The tool generates a single, self-contained HTML report. This report typically includes:

* **Summary Dashboard**: Overview of analyzed queries, AI calls, and total costs.
* **Daily Statistics**: Breakdown of query activity and AI analysis per day.
* **Query Statistics**: Aggregated information about normalized queries, including frequency and average execution times.
* **Detailed Query Analysis**: For each significant query (especially those identified with issues like sequential scans or based on AI analysis), a dedicated section will provide:
* The original SQL query.
* The `EXPLAIN ANALYZE` plan.
* The AI's summary of the plan's performance characteristics.
* AI-generated optimization recommendations specific to that query.
* PEV2 Query visualizer
* Graph tracking qeury statistics over time

## Build Dependencies & Requirements

* Python >= 3.11 <= 3.13
* The project uses `poetry` for dependency management.
* Key Python packages: `litellm`, `sqlparse`, `Jinja2`.

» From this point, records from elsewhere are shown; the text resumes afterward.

(* Let $P$ be a finite $(3+1)$-free poset and let $\mathsf a=a_{n+1}a_n\cdots a_1$ and $\mathsf b=b_nb_{n-1}\cdots b_1$ be $P$-strictly decreasing words such that (i) $a_i\sim_Pb_i$ for all $i\in[n]$; (ii) $a_{i+1}\sim_Pb_i$ for all $i\in[n]$; (iii) $a_i<_Pb_{i+1}$ for all $i\in[n-1]$; (iv) $b_i<_Pa_{i+2}$ for all $i\in[n-1]$. Then $\mathbf{u}_{\mathsf a}\mathbf{u}_{\mathsf b}\equiv\mathbf{u}_{\mathsf b}\mathbf{u}_{\mathsf a}\pmod{I^P_{\mathrm{plac}}}$.
   Context: $a<_Pb$: strict order; $a\sim_Pb$: incomparable or equal. A word $w_1\cdots w_m$ is $P$-strictly decreasing if $w_1>_P\cdots>_Pw_m$. $\mathcal{U}_P=\mathbb{Z}\langle u_a:a\in P\rangle$, $\mathbf{u}_w=u_{w_1}\cdots u_{w_m}$. $I^P_{\mathrm{plac}}$ is the two-sided ideal generated by: $u_bu_au_c-u_bu_cu_a$ when $a<_Pb$, $c\not<_Pb$, $a<_Pc$; $u_cu_au_b-u_au_cu_b$ when $b\not<_Pa$, $b<_Pc$, $a<_Pc$; $u_cu_au_b-u_bu_cu_a$ when $a\sim_Pb$, $b\sim_Pc$, $a<_Pc$. *)

From HB Require Import structures.
From mathcomp Require Import all_boot all_order all_algebra.
Set Implicit Arguments. Unset Strict Implicit. Unset Printing Implicit Defensive.
Import Order.TTheory GRing.Theory Num.Theory.
Local Open Scope order_scope.

Section Plactic.
Context {disp : Order.disp_t} {P : finPOrderType disp}.

Definition simP (x y : P) : bool := ~~ (x < y) && ~~ (y < x).

Definition three_one_free : Prop :=
  ~ exists x y z w : P, [/\ x < y, y < z, simP w x, simP w y & simP w z].

(* Words are sequences of letters; the monomial u_w is identified with w.
   Elements of Z<u_a : a in P> are represented by their coefficient
   functions  seq P -> int. *)

(* the three families of generators u_l - u_r of I^P_plac *)
Definition plac_gen (l r : seq P) : Prop :=
  exists a b c : P,
    [/\ a < b, ~~ (c < b), a < c, l = [:: b; a; c] & r = [:: b; c; a]]
 \/ [/\ ~~ (b < a), b < c, a < c, l = [:: c; a; b] & r = [:: a; c; b]]
 \/ [/\ simP a b, simP b c, a < c, l = [:: c; a; b] & r = [:: b; c; a]].

Definition mono (v : seq P) : seq P -> int := fun w => Posz (nat_of_bool (w == v)).

(* f lies in the two-sided ideal generated by the plac_gen differences:
   f is a finite Z-linear combination of terms u_x (u_l - u_r) u_y. *)
Definition in_Iplac (f : seq P -> int) : Prop :=
  exists s : seq (int * seq P * seq P * seq P * seq P),
    (forall t, t \in s -> plac_gen t.1.1.2 t.1.2) /\
    forall w, f w = (\sum_(t <- s)
        t.1.1.1.1 * (mono (t.1.1.1.2 ++ t.1.1.2 ++ t.2) w
                     - mono (t.1.1.1.2 ++ t.1.2 ++ t.2) w))%R.

Definition plac_equiv (f g : seq P -> int) : Prop :=
  in_Iplac (fun w => (f w - g w)%R).

Definition word_dec (w : nat -> P) (m : nat) : seq P :=
  [seq w i | i <- rev (iota 1 m)].

End Plactic.

From mathcomp Require Import all_boot all_order all_algebra.
From mathcomp Require Import zify.
Import Order.TTheory GRing.Theory Num.Theory.
Local Open Scope order_scope.

(* Each letter b_k commutes with the word a = a_(n+1) ... a_1 on its own.  In
   a_(n+1) ... a_1 b_k the letter b_k first moves left past a_1, ..., a_(k-1) by
   the first relation (a_(j+1) a_j b_k ~ a_(j+1) b_k a_j, since a_j < b_k and b_k
   is not below a_(j+1)); then a_(k+1) a_k b_k ~ b_k a_(k+1) a_k by the third
   relation (a_k ~ b_k ~ a_(k+1)); finally a_(m+1) b_k a_m ~ b_k a_(m+1) a_m for
   m > k by the second relation (a_m is not below b_k, and b_k < a_(m+1)). *)

Section PlacticCongruence.
Context {disp : Order.disp_t} {P : finPOrderType disp}.
Implicit Types (u v w x y : seq P).

Definition plac_eq u v := plac_equiv (mono u) (mono v).

Lemma plac_eq_refl u : plac_eq u u.
Proof. by exists [::]; split => // w; rewrite big_nil subrr. Qed.

Lemma plac_eq_trans {u v w} : plac_eq u v -> plac_eq v w -> plac_eq u w.
Proof.
case=> s1 [gen1 def1] [s2 [gen2 def2]]; exists (s1 ++ s2); split.
  by move=> t; rewrite mem_cat => /orP [/gen1|/gen2].
by move=> z; rewrite big_cat /= -def1 -def2 addrA subrK.
Qed.

Lemma plac_eq_context (g f hx hy : seq P -> seq P) (C : pred (seq P)) :
  (forall u w, mono (g u) w = if C w then mono u (f w) else 0%R) ->
  (forall tx l ty, g (tx ++ l ++ ty) = hx tx ++ l ++ hy ty) ->
  forall u v, plac_eq u v -> plac_eq (g u) (g v).
Proof.
move=> mono_g g_cat u v [s [gen_s def_s]].
exists [seq (t.1.1.1.1, hx t.1.1.1.2, t.1.1.2, t.1.2, hy t.2) | t <- s]; split.
  by move=> t /mapP [t' /gen_s ? ->].
move=> w; rewrite big_map /=.
under eq_bigr => t _ do rewrite -!g_cat !mono_g.
rewrite !mono_g; case: (C w); first by rewrite def_s.
by rewrite big1 // => t _; rewrite subrr mulr0.
Qed.

Lemma mono_cat x u w :
  mono (x ++ u) w = if take (size x) w == x then mono u (drop (size x) w) else 0%R.
Proof.
rewrite /mono; case: eqP => [->|ne_w].
  by rewrite take_size_cat // eqxx drop_size_cat // eqxx.
case: eqP => // def_take; case: eqP => // def_drop; case: ne_w.
by rewrite -(cat_take_drop (size x) w) def_take def_drop.
Qed.

Lemma mono_rev v w : mono v w = mono (rev v) (rev w).
Proof. by rewrite /mono (inj_eq (can_inj (@revK _))). Qed.

Lemma plac_eq_catl x {u v} : plac_eq u v -> plac_eq (x ++ u) (x ++ v).
Proof.
apply: (@plac_eq_context (cat x) (drop (size x)) (cat x) id
  (fun w => take (size x) w == x)) => [u' w|tx l ty]; first exact: mono_cat.
by rewrite catA.
Qed.

Lemma plac_eq_catr y {u v} : plac_eq u v -> plac_eq (u ++ y) (v ++ y).
Proof.
apply: (@plac_eq_context (fun u => u ++ y)
  (fun w => rev (drop (size y) (rev w))) id (fun u => u ++ y)
  (fun w => take (size y) (rev w) == rev y)) => [u' w|tx l ty].
  rewrite mono_rev rev_cat -size_rev mono_cat size_rev; case: ifP => // _.
  by rewrite mono_rev revK.
by rewrite -!catA.
Qed.

Lemma plac_eq_gen l r w : plac_gen l r -> plac_eq (l ++ w) (r ++ w).
Proof.
move=> gen_lr; apply: plac_eq_catr.
exists [:: (1%R, [::], l, r, [::])]; split; first by move=> t /[1!inE] /eqP ->.
by move=> z; rewrite big_seq1 /= mul1r !cats0.
Qed.

Lemma plac_eq_swap23 (p q r : P) w :
  q < p -> ~~ (r < p) -> q < r -> plac_eq [:: p, q, r & w] [:: p, r, q & w].
Proof.
by move=> *; apply: (@plac_eq_gen [:: p; q; r] [:: p; r; q]); exists q, p, r; left.
Qed.

Lemma plac_eq_swap12 (p q r : P) w :
  ~~ (r < q) -> r < p -> q < p -> plac_eq [:: p, q, r & w] [:: q, p, r & w].
Proof.
by move=> *; apply: (@plac_eq_gen [:: p; q; r] [:: q; p; r]); exists q, r, p; right; left.
Qed.

Lemma plac_eq_rotate (p q r : P) w :
  simP q r -> simP r p -> q < p -> plac_eq [:: p, q, r & w] [:: r, p, q & w].
Proof.
by move=> *; apply: (@plac_eq_gen [:: p; q; r] [:: r; p; q]); exists q, r, p; right; right.
Qed.

Lemma simPC (x y : P) : simP x y = simP y x.
Proof. by rewrite /simP andbC. Qed.

Lemma plac_eq_commute u v :
  (forall c : P, c \in v -> plac_eq (u ++ [:: c]) (c :: u)) ->
  plac_eq (u ++ v) (v ++ u).
Proof.
elim: v => [|c v IHv] comm_v; first by rewrite cats0; apply: plac_eq_refl.
have -> : u ++ c :: v = (u ++ [:: c]) ++ v by rewrite -catA.
apply: plac_eq_trans (plac_eq_catr v (comm_v c (mem_head _ _))) _.
apply: (plac_eq_catl [:: c]); apply: IHv => d vd.
by apply: comm_v; rewrite inE vd orbT.
Qed.

End PlacticCongruence.

Section LetterThroughDecreasingWord.
Context {disp : Order.disp_t} {P : finPOrderType disp}.
Variables (a : nat -> P) (b : P).

Lemma word_decS m : word_dec a m.+1 = a m.+1 :: word_dec a m.
Proof. by rewrite /word_dec -[m.+1]addn1 iotaD rev_cat /= addnC. Qed.

Lemma plac_eq_letter_low m :
  (forall j, (1 <= j <= m)%N -> [/\ a j < a j.+1, ~~ (b < a j.+1) & a j < b]) ->
  plac_eq (word_dec a m.+1 ++ [:: b]) [:: a m.+1, b & word_dec a m].
Proof.
elim: m => [|m IHm] low_m; first exact: plac_eq_refl.
have [a_lt b_nlt a_ltb] := low_m m.+1 (leqnn _).
rewrite word_decS; apply: plac_eq_trans (plac_eq_catl [:: a m.+2] (IHm _)) _.
  by move=> j /andP [j_ge1 j_le]; apply: low_m; rewrite j_ge1 leqW.
by rewrite word_decS; apply: plac_eq_swap23.
Qed.

Lemma plac_eq_letter_high k N :
  (0 < k <= N)%N -> plac_eq (word_dec a k ++ [:: b]) (b :: word_dec a k) ->
  (forall m, (k <= m < N)%N -> [/\ ~~ (a m < b), a m < a m.+1 & b < a m.+1]) ->
  plac_eq (word_dec a N ++ [:: b]) (b :: word_dec a N).
Proof.
move=> /andP [k_gt0 le_kN] comm_k.
elim: N le_kN => [|N IHN]; first by rewrite leqNgt k_gt0.
rewrite leq_eqVlt ltnS => /orP [/eqP <- //|le_kN] high_N.
have := high_N N; rewrite le_kN ltnSn => /(_ isT) [a_nlt a_lt b_lt].
rewrite word_decS; apply: plac_eq_trans (plac_eq_catl [:: a N.+1] (IHN le_kN _)) _.
  by move=> m /andP [le_km lt_mN]; apply: high_N; rewrite le_km ltnS ltnW.
case: N {IHN high_N} le_kN a_nlt a_lt b_lt => [|N _ *]; first by rewrite leqNgt k_gt0.
by rewrite word_decS; apply: plac_eq_swap12.
Qed.

End LetterThroughDecreasingWord.

Section LettersOfB.
Context {disp : Order.disp_t} {P : finPOrderType disp}.
Variables (n : nat) (a b : nat -> P).
Hypothesis a_lt : forall i, (1 <= i <= n)%N -> a i < a i.+1.
Hypothesis sim_ab : forall i, (1 <= i <= n)%N -> simP (a i) (b i).
Hypothesis sim_aSb : forall i, (1 <= i <= n)%N -> simP (a i.+1) (b i).
Hypothesis lt_abS : forall i, (1 <= i <= n.-1)%N -> a i < b i.+1.
Hypothesis lt_baSS : forall i, (1 <= i <= n.-1)%N -> b i < a i.+2.

Lemma a_homo_le i j : (1 <= i <= j)%N -> (j <= n.+1)%N -> a i <= a j.
Proof.
move=> /andP [i_ge1 le_ij] le_jn.
apply: (Order.NatMonotonyTheory.nondecn_inP (D := [pred m | 1 <= m <= n.+1]%N)).
- move=> x y /andP [x_ge1 _] /andP [_ y_le] z; rewrite !ltEnat /= => z_range.
  apply/andP; lia.
- by move=> m /andP [m_ge1 _] /andP [_ m_le]; apply/ltW/a_lt/andP.
- by rewrite inE /= i_ge1 (leq_trans le_ij).
- by rewrite inE /= le_jn (leq_trans i_ge1).
- by [].
Qed.

Lemma plac_eq_commute_b_letter k : (1 <= k <= n)%N ->
  plac_eq (word_dec a n.+1 ++ [:: b k]) (b k :: word_dec a n.+1).
Proof.
case: k => // k /andP [_ le_kn].
have /andP [ak_nlt bk_nlt] := sim_ab k.+1 (ltac:(lia)).
have /andP [akS_nlt bk_nltS] := sim_aSb k.+1 (ltac:(lia)).
have low : plac_eq (word_dec a k.+1 ++ [:: b k.+1]) [:: a k.+1, b k.+1 & word_dec a k].
  apply: plac_eq_letter_low => j j_range; split.
  - by apply: a_lt; lia.
  - apply: contra bk_nlt => /lt_le_trans; apply; apply: a_homo_le; lia.
  - by apply: le_lt_trans (lt_abS k (ltac:(lia))); apply: a_homo_le; lia.
have pivot : plac_eq (word_dec a k.+2 ++ [:: b k.+1]) (b k.+1 :: word_dec a k.+2).
  rewrite word_decS; apply: plac_eq_trans (plac_eq_catl [:: a k.+2] low) _.
  rewrite !word_decS; apply: plac_eq_rotate.
  - by apply: sim_ab; lia.
  - by rewrite simPC; apply: sim_aSb; lia.
  - by apply: a_lt; lia.
apply: (@plac_eq_letter_high _ _ a (b k.+1) k.+2 n.+1 _ pivot); first lia.
move=> m m_range; split.
- apply: contra akS_nlt => /(le_lt_trans _); apply; apply: a_homo_le; lia.
- by apply: a_lt; lia.
- by apply: lt_le_trans (lt_baSS k.+1 (ltac:(lia))) _; apply: a_homo_le; lia.
Qed.

End LettersOfB.

Theorem mainTheorem15 (disp : Order.disp_t) (P : finPOrderType disp)
  (n : nat) (a b : nat -> P) :
  three_one_free (P := P) ->
  (* a = a_(n+1) ... a_1 and b = b_n ... b_1 are P-strictly decreasing *)
  (forall i, (1 <= i <= n)%N -> a i < a i.+1) ->
  (forall i, (1 <= i < n)%N -> b i < b i.+1) ->
  (forall i, (1 <= i <= n)%N -> simP (a i) (b i)) ->
  (forall i, (1 <= i <= n)%N -> simP (a i.+1) (b i)) ->
  (forall i, (1 <= i <= n.-1)%N -> a i < b i.+1) ->
  (forall i, (1 <= i <= n.-1)%N -> b i < a i.+2) ->
  plac_equiv (mono (word_dec a n.+1 ++ word_dec b n))
             (mono (word_dec b n ++ word_dec a n.+1)).
Proof.
move=> _ a_lt _ sim_ab sim_aSb lt_abS lt_baSS.
apply: plac_eq_commute => c /mapP [k]; rewrite mem_rev mem_iota add1n ltnS => k_range ->.
exact: plac_eq_commute_b_letter.
Qed.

To install the required dependencies, navigate to the project root and run:

```bash
poetry install
```

## Native Binaries

Standalone binaries are produced with the same base name on every platform:

- Linux: `dist/linux/pg_aiqo_report`
- macOS (Apple Silicon): `dist/macos-silicon/pg_aiqo_report`
- Windows: `dist/windows/pg_aiqo_report.exe`

Build them with:

```bash
poetry install --with dev
./scripts/build_nuitka.sh
```

The GitHub Actions release workflow persists Nuitka caches between runs by restoring `${GITHUB_WORKSPACE}/.github-cache/nuitka/` through `actions/cache`. When `ccache` is available, the build script points Nuitka to that cached compiler store automatically.